**What to work on**
Your answer should hold exactly the lines from the line containing "From Stdlib Require" through the end of the entries that follow.
━━━ Input ━━━
(* The correspondence S ↦ H_S S extends to an Elgot monad (on sets) as follows: η(x ∈ S) = η^S(x); for f : X → H_S S, f^{*} = f^{*}_S · τ · H_{ι'·f} id : H_X X → H_{S⊎{⊥}} X → H_S X → H_S S; for f : X → H_{S⊎X}(S⊎X), f^{†} = τ · H_{[inl, (ι'·f)^{♮}]} id · f^{†}_{S⊎X} : X → H_{S⊎X} S → H_{S⊎{⊥}} S → H_S S, where ι' = [inl, id] · ι : H_S S → S⊎{⊥} and (−)^{♮} is the iteration operator of the maybe monad (−)⊎{⊥}. Moreover, the monad thus defined is isomorphic to the hybrid monad H.
   Context: Trajectories over a set S are pairs ⟨I,e⟩ with I = [0,d] (d finite non-negative real) or I = [0,d) (d non-negative real or ∞) and e : I → S. Trj_S is the monoid of trajectories with domain [0,d), d finite, under concatenation ⟨[0,d1),e1⟩⌢⟨[0,d2),e2⟩ = ⟨[0,d1+d2), λt. if t<d1 then e1^t else e2^{t−d1}⟩, unit ε = ⟨∅,!⟩. H_S X = (Trj_S × X) ∪ (all trajectories over S); elements are triples ⟨I,e,x⟩ and pairs ⟨I,e⟩. H_S is a monad with η^S(x) = ⟨ε,x⟩ and f^{*}_S(m,x) = (m⌢n,y) if f(x)=⟨n,y⟩, f^{*}_S(m,x) = m⌢e if f(x)=e is a trajectory, f^{*}_S(e) = e. It is an Elgot monad whose iteration f^{†}_S is the least fixpoint of g ↦ [η^S, g]^{*}_S · f (w.r.t. the prefix order on trajectories). H_S is functorial in S: for g : S → S', H_g id : H_S X → H_{S'} X applies g pointwise to trajectory values and is identity on the X-component. ι : H_S X → X ⊎ (S ⊎ {⊥}) is ι(I,e,x) = inr inl e^0 if I ≠ ∅, inl x otherwise; ι(I,e) = inr inl e^0 if I ≠ ∅, inr inr ⊥ otherwise. τ : H_{S⊎Y} X → H_S X is τ(I,e,x) = ⟨I,e',x⟩ if I = I', else ⟨I',e'⟩; τ(I,e) = ⟨I',e'⟩, where ⟨I',e'⟩ is the largest trajectory with e^t = inl e'^t for all t ∈ I'. Maybe-monad iteration: for f : X → (Y⊎X)⊎{⊥} and x0 ∈ X, take the longest sequence x0,x1,... with f(x_i) = inl inr x_{i+1}; f^{♮}(x0) = inr ⊥ if the sequence is infinite or some f(x_i) = inr ⊥, and f^{♮}(x0) = inl y if for the last element x_n, f(x_n) = inl inl y. The hybrid monad H: HX = Σ_{I=[0,d], d finite} X^I ⊎ Σ_{I=[0,d] or [0,d)} X^I (convergent trajectories in the left summand, divergent in the right); for p = inj⟨I,e⟩ write p_dr = I, p_ev = e; η(x) = inl⟨[0,0], λt.x⟩; for f : X → HY, with I' = ⋃{[0,t] ⊆ I | ∀s∈[0,t]. f(e^s) ≠ inr ε}: f^{*}(inl⟨I,e⟩) = inj⟨I+J, λt. if t<d then (f(e^t))_ev^0 else (f(e^d))_ev^{t−d}⟩ if I' = I = [0,d] and f(e^d) = inj⟨J,e'⟩; f^{*}(inl⟨I,e⟩) = inr⟨I', λt.(f(e^t))_ev^0⟩ if I' ≠ I; f^{*}(inr⟨I,e⟩) = inr⟨I', λt.(f(e^t))_ev^0⟩ (inj ∈ {inl, inr}, + is Minkowski addition of intervals). *)

From Stdlib Require Import Reals Lra ClassicalEpsilon.
Open Scope R_scope.
Set Implicit Arguments.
━━━
**Answer to this exercise**
From Stdlib Require Import Reals Lra ClassicalEpsilon.
Open Scope R_scope.
Set Implicit Arguments.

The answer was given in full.